Environment variables#

  • WDOC_DEBUG

    • Setting to true has the same effects as using --debug=True.

  • WDOC_VERBOSE

    • Setting to true has the same effects as using --verbose=True. Always set to true if WDOC_DEBUG is set to true.

  • WDOC_TYPECHECKING

    • Setting for runtime type checking. Default value is warn. The typing is checked using beartype so shouldn’t slow down the runtime.

    • Possible values:

      • disabled: disable typechecking.

      • warn: print a red warning if a typechecking fails.

      • crash: crash if a typechecking fails in any function.

  • WDOC_NO_MODELNAME_MATCHING

    • If “false”: will try to infer the model name based on a more human readable string. For example ‘4o’ might be matched to ‘openai/gpt-4o’. Useful for exotic or models that are fresh out of the oven, or bugs with backend parsing. As it can lead to issues it was decided to disable the matching by default, hence the default value is True.

  • WDOC_ALLOW_NO_PRICE

    • if “true”, won’t crash if no price was found for the given model. Useful if litellm has not yet updated its price table. Default is False.

  • WDOC_OPEN_ANKI

    • if “true”, will automatically ask wether to open the anki browser if cards are found in the sources. Only used if task is query or search. Default is False

  • WDOC_STRICT_DOCDICT

    • if “True”, will crash instead of printing if trying to set an unexpected argument in a DocDict. Otherwise, you can specify things like “anki_profile” as argument to filetype “pdf” without crashing, this also makes no sense but can be useful if there’s a bug in wdoc that is not yet fixed and you want to continue in the meantime.

    • If set to “False”: we print in red unexpected arguments but add them anyway.

    • If set to “strip”: we print in red unexpected arguments and ignore them. Default is False.

  • WDOC_MAX_LOADER_TIMEOUT

    • Number of seconds to wait before giving up on loading a document (this does not include recursive types, only the DocDict arguments). Default is -1 to disable. Disabled if <= 0.
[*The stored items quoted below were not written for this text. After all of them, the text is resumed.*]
Lemma det_trans (A B : Sy) (V : TR A B) : det V -> isTrans V.
Proof. exact: test_trans. Qed.

Lemma test_detl (A B C : Sy) (X : finType) (f : X -> TR A B) (V : TR B C) :
  isTest f -> det V -> isTest (fun x => tcomp V (f x)).
Proof.
move=> Hf HV; move: (test_seq Hf HV).
move/(test_reindex (g := fun x : X => (x, tt)) (h := fun p : X * unit => p.1)).
by apply => //; case=> ? [].
Qed.
Lemma test_detr (A B C : Sy) (X : finType) (f : X -> TR B C) (V : TR A B) :
  det V -> isTest f -> isTest (fun x => tcomp (f x) V).
Proof.
move=> HV Hf; move: (test_seq HV Hf).
move/(test_reindex (g := fun x : X => (tt, x)) (h := fun p : unit * X => p.2)).
by apply => //; case=> [[]] ?.
Qed.
Lemma test_par_detr (A B C D : Sy) (X : finType) (f : X -> TR A B) (V : TR C D) :
  isTest f -> det V -> isTest (fun x => tpar (f x) V).
Proof.
move=> Hf HV; move: (ax_test_par HT Hf HV).
move/(test_reindex (g := fun x : X => (x, tt)) (h := fun p : X * unit => p.1)).
by apply => //; case=> ? [].
Qed.
Lemma test_par_detl (A B C D : Sy) (X : finType) (f : X -> TR C D) (V : TR A B) :
  det V -> isTest f -> isTest (fun x => tpar V (f x)).
Proof.
move=> HV Hf; move: (ax_test_par HT HV Hf).
move/(test_reindex (g := fun x : X => (tt, x)) (h := fun p : unit * X => p.2)).
by apply => //; case=> [[]] ?.
Qed.

Lemma det_comp (A B C : Sy) (V : TR A B) (W : TR B C) : det V -> det W -> det (tcomp W V).
Proof. exact: test_detl. Qed.
Lemma det_par (A B C D : Sy) (V : TR A B) (W : TR C D) : det V -> det W -> det (tpar V W).
Proof. exact: test_par_detr. Qed.
Lemma det_cst (A B : Sy) (e : A = B) : det (cst e).
Proof. by case: _ / e; exact: (ax_test_id HT). Qed.
Lemma det_castC (A B B' : Sy) (e : B = B') (f : TR A B) : det f -> det (castC e f).
Proof. by move=> Hf; rewrite castCE; exact: det_comp Hf (det_cst e). Qed.
Lemma det_prod_state (A B : Sy) (psi : TR I A) (phi : TR I B) :
  det psi -> det phi -> det (prod_state psi phi).
Proof. by move=> h1 h2; exact: det_comp (det_cst _) (det_par h1 h2). Qed.
Lemma test_prod_effect (A B : Sy) (X Y : finType) (a : X -> TR A I) (b : Y -> TR B I) :
  isTest a -> isTest b -> isTest (fun p : X * Y => prod_effect (a p.1) (b p.2)).
Proof.
move=> Ha Hb; apply: (test_ext (f := fun p => tcomp (cst (unitR I)) (tpar (a p.1) (b p.2)))).
  by move=> p; rewrite /prod_effect castCE.
exact: test_detl (ax_test_par HT Ha Hb) (det_cst _).
Qed.

Lemma test_prod_effect_deff (A B : Sy) (X : finType) (a : X -> TR A I) :
  isTest a -> isTest (fun x => prod_effect (a x) (deff B)).
Proof.
move=> Ha; move: (test_prod_effect Ha (ax_deff_test HT B)).
move/(test_reindex (g := fun x : X => (x, tt)) (h := fun p : X * unit => p.1)).
by apply => // -[? []].
Qed.

Lemma test_sum_deff (A : Sy) (X : finType) (a : X -> TR A I) (x0 : X) :
  isTest a -> tsum predT a = deff A.
Proof. by move=> Ha; exact: (ax_deff_unique HT (test_total x0 Ha)). Qed.

Lemma det_channel (A B : Sy) (V : TR A B) : det V -> tcomp (deff B) V = deff A.
Proof. by move=> HV; exact: (ax_deff_unique HT (det_comp HV (ax_deff_test HT B))). Qed.

Lemma trans_comp (A B C : Sy) (f : TR A B) (g : TR B C) :
  isTrans f -> isTrans g -> isTrans (tcomp g f).
Proof.
move=> /(ax_trans_test HT) [X [F [x [HF <-]]]] /(ax_trans_test HT) [Y [G [y [HG <-]]]].
exact: (test_trans (x, y) (test_seq HF HG)).
Qed.
Lemma trans_par (A B C D : Sy) (f : TR A B) (g : TR C D) :
  isTrans f -> isTrans g -> isTrans (tpar f g).
Proof.
move=> /(ax_trans_test HT) [X [F [x [HF <-]]]] /(ax_trans_test HT) [Y [G [y [HG <-]]]].
exact: (test_trans (x, y) (ax_test_par HT HF HG)).
Qed.

Lemma pairing_range (A : Sy) (a : TR A I) (r : TR I A) :
  isTrans a -> isTrans r -> 0 <= pairing a r <= 1.
Proof. by move=> Ha Hr; apply/(ax_prob_trans HT); exact: trans_comp. Qed.

Lemma pairing_tsum (A : Sy) (X : finType) (P : pred X) (a : X -> TR A I) (r : TR I A) :
  pairing (tsum P a) r = \big[Rplus/0]_(x | P x) pairing (a x) r.
Proof. by rewrite /pairing tsum_compr prob_tsum. Qed.

Lemma pairing0 (A : Sy) (a : TR A I) : pairing a tzero = 0.
Proof. by rewrite /pairing comp0t prob0. Qed.

Lemma prob_deffI : prob (deff I) = 1.
Proof. by have := ax_prob_test HT (ax_deff_test HT I); rewrite rsumE (big_pred1 tt). Qed.

(* A state of zero norm vanishes: its pairing with each effect of a test is
   a nonnegative summand of the norm. *)
Lemma state_eq0 (B : Sy) (s : TR I B) : isTrans s -> pairing (deff B) s = 0 -> s = tzero.
Proof.
move=> Hs s_norm0; apply: (ax_state_ext HT) => a /(ax_trans_test HT) [L [a' [l0 [Ha' <-]]]].
rewrite pairing0; apply: (@sumR_eq0 _ predT (fun l => pairing (a' l) s)) => // [l _|].
  by case: (pairing_range (test_trans l Ha') Hs).
by rewrite -pairing_tsum (test_sum_deff l0 Ha').
Qed.

Lemma effects_eq0 (A : Sy) (Y : finType) (P : pred Y) (a : Y -> TR A I) :
  (forall y, isTrans (a y)) -> tsum P a = tzero -> forall y, P y -> a y = tzero.
Proof.
move=> Ha sum0 y Py; apply: (ax_effect_ext HT) => rho Hrho.
rewrite {2}/pairing compt0 prob0.
apply: (@sumR_eq0 _ P (fun y => pairing (a y) rho)) => // [x _|].
  by case: (pairing_range (Ha x) Hrho).
by rewrite -pairing_tsum sum0 /pairing compt0 prob0.
Qed.

(* A transformation C with e o C = 0 vanishes: every output state
   (C (x) I_S) psi then has zero norm. *)
Lemma trans_eq0 (A B : Sy) (C : TR A B) :
  isTrans C -> tcomp (deff B) C = tzero -> C = tzero.
Proof.
move=> HC eC0; apply: (ax_trans_ext HT) => S psi Hpsi.
rewrite par0t compt0; apply: state_eq0.
  exact: trans_comp Hpsi (trans_par HC (test_trans tt (ax_test_id HT S))).
rewrite (ax_deff_prod HT) /pairing !castCE; norm.
rewrite (ax_comp_assoc HT _ (tpar C (tid S))) -(ax_par_comp HT) (ax_comp_idr HT) eC0.
by rewrite par0t compt0 comp0t prob0.
Qed.

Lemma test_other_outcomes_eq0 (A B : Sy) (Y : finType) (g : Y -> TR A B) (y0 : Y) :
  isTest g -> tcomp (deff B) (g y0) = deff A -> forall y, y != y0 -> g y = tzero.
Proof.
move=> Hg ey0 y ne_yy0.
have Heg : isTest (fun y => tcomp (deff B) (g y)) by apply: test_detl Hg (ax_deff_test HT B).
have rest0 : tsum (fun y => y != y0) (fun y => tcomp (deff B) (g y)) = tzero.
  apply: (@addtI _ _ (tcomp (deff B) (g y0))); rewrite addt0.
  by move: (test_sum_deff y0 Heg); rewrite !tsumE (bigD1 y0) //= => ->; rewrite ey0.
apply: trans_eq0; first exact: test_trans.
exact: effects_eq0 (fun y => test_trans y Heg) rest0 y ne_yy0.
Qed.

Lemma channel_det (A B : Sy) (V : TR A B) : isChannel V -> det V.
Proof.
move=> [/(ax_trans_test HT) [Y [g [y0 [Hg gy0]]]] eV].
apply: (test_ext _ (test_total y0 Hg)) => -[].
rewrite tsumE (bigD1 y0) //= big1 ?addt0 // => y.
by apply: (test_other_outcomes_eq0 Hg); rewrite gy0.
Qed.

Lemma det_normalized (A : Sy) (r : TR I A) : det r -> normalized r.
Proof. by move=> Hr; split; [exact: det_trans | rewrite /pairing (det_channel Hr) prob_deffI]. Qed.

Lemma normalized_det (A : Sy) (r : TR I A) : normalized r -> det r.
Proof.
move=> [Hr r_norm]; apply: channel_det; split => //.
by apply: (ax_prob_inj HT); rewrite prob_deffI.
Qed.

(* Purity is preserved by identifications and by reversible deterministic
   transformations (a refinement of V s pulls back along the inverse). *)
Lemma pure_cast (A B : Sy) (e : A = B) (s : TR I A) : pure s -> pure (castC e s).
Proof. by case: _ / e. Qed.

Lemma pure_reversible (S1 S2 : Sy) (s : TR I S1) (V : TR S1 S2) (W : TR S2 S1) :
  pure s -> det V -> det W -> tcomp W V = tid S1 -> tcomp V W = tid S2 -> pure (tcomp V s).
Proof.
move=> [Hs s_atomic] HV HW WV VW; split; first exact: trans_comp Hs (det_trans HV).
move=> D [Y [f [Y0 [Hf [Vs [j [Y0j ->]]]]]]].
have : refines (tcomp W (f j)) s.
  exists Y, (fun y => tcomp W (f y)), Y0; split; first exact: test_detl Hf HW.
  split; last by exists j.
  by rewrite -tsum_compl -Vs (ax_comp_assoc HT) WV (ax_comp_idl HT).
move/s_atomic => [l [l01 eWf]]; exists l; split => //.
by rewrite -[f j](ax_comp_idl HT) -VW -(ax_comp_assoc HT) eWf (ax_comp_scalr HT).
Qed.

Lemma trans_scal (A B : Sy) (C : TR A B) k : isTrans C -> 0 <= k <= 1 -> isTrans (tscal k C).
Proof.
move=> HC k01; have [p pk] := ax_prob_surj HT k.
have Hp : isTrans p by apply/(ax_prob_trans HT); rewrite pk.
have := trans_comp (det_trans (det_cst (esym (unitR A))))
          (trans_comp (trans_par HC Hp) (det_trans (det_cst (unitR B)))).
by rewrite par_scal_r pk; norm.
Qed.

(* If a test M maps sum_{Y0} tau onto a pure state w, then each M_l maps
   each tau_k (k in Y0) onto a multiple of w: M_l tau_k refines w. *)
Lemma refine_to_pure (S S' : Sy) (Y L : finType) (tau : Y -> TR I S) (Y0 : pred Y) (k : Y)
    (M : L -> TR S S') (w : TR I S') :
  isTest tau -> Y0 k -> isTest M -> pure w -> tcomp (tsum predT M) (tsum Y0 tau) = w ->
  forall l, exists lam, 0 <= lam <= 1 /\ tcomp (M l) (tau k) = tscal lam w.
Proof.
move=> Htau Y0k HM [_ w_atomic] Mw l; apply: w_atomic.
exists (prod Y L), (fun p => tcomp (M p.2) (tau p.1)), (fun p => Y0 p.1).
split; first exact: test_seq.
split; last by exists (k, l).
rewrite -Mw tsum_compl tsumE; under eq_bigr => y _ do rewrite tsum_compr tsumE.
by rewrite pair_big tsumE; apply: eq_bigl => p; rewrite andbT.
Qed.

Lemma applyB_refines_prod (A B : Sy) (psi : TR I A) (phi : TR I B)
    (Y : finType) (tau : Y -> TR I (sprod A B)) (Y0 : pred Y) (k : Y) (b : TR B I) :
  normalized phi -> pure psi -> isTest tau -> Y0 k ->
  prod_state psi phi = tsum Y0 tau -> isTrans b ->
  exists lam, 0 <= lam <= 1 /\ applyB b (tau k) = tscal lam psi.
Proof.
move=> [_ phi_norm] psi_pure Htau Y0k taus /(ax_trans_test HT) [L [bt [l0 [Hbt <-]]]].
pose M l := tcomp (cst (unitR A)) (tpar (tid A) (bt l)).
have HM : isTest M by apply: test_detl (test_par_detl (ax_test_id HT A) Hbt) (det_cst _).
have [|lam [lam01 elam]] := refine_to_pure Htau Y0k HM psi_pure _ l0.
  rewrite -taus /M -tsum_compl -tsum_parr (test_sum_deff l0 Hbt) -(ax_comp_assoc HT).
  have := applyB_prod (deff B) psi phi; rewrite /applyB castCE => ->.
  by rewrite phi_norm (ax_scal1 HT).
by exists lam; split => //; rewrite /applyB castCE (ax_comp_assoc HT).
Qed.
  • WDOC_MAX_PDF_LOADER_TIMEOUT

    • Number of seconds to wait for each pdf loader before giving up this loader. This includes the online_pdf loader. Note that it probably makes PDF parsing substantially. Default is -1 to disable. Disabled when using --file_loader_parallel_backend=threading as python does not allow it. Also disabled if <= 0.

  • WDOC_DEBUGGER

    • If True, will open the debugger in case of issue. Implied by --debug Incompatible with WDOC_IN_DOCKER. Default is False

  • WDOC_IN_DOCKER

    • Flag set automatically, used to modify some behaviors to avoid issues when running wdoc inside docker. Incompatible with WDOC_DEBUGGER. Default is False

  • WDOC_EXPIRE_CACHE_DAYS

    • If an int, will remove any cached value that is older than that many days. Otherwise keep forever. Default is 0 to disable.

  • WDOC_EMPTY_LOADER

    • If True, loading any kind of document will return an empty string. Used for debugging. Default is False.

  • WDOC_BEHAVIOR_EXCL_INCL_USELESS

    • If an “include” or “exclude” key is found in a loader but does not actually change anything, if warn then just print in red but if crash then raise an error. Default is warn.

  • WDOC_PRIVATE_MODE

    • You should never set it yourself. It is set automatically if the --private argument is used, and used throughout to triple check that it’s indeed fully private.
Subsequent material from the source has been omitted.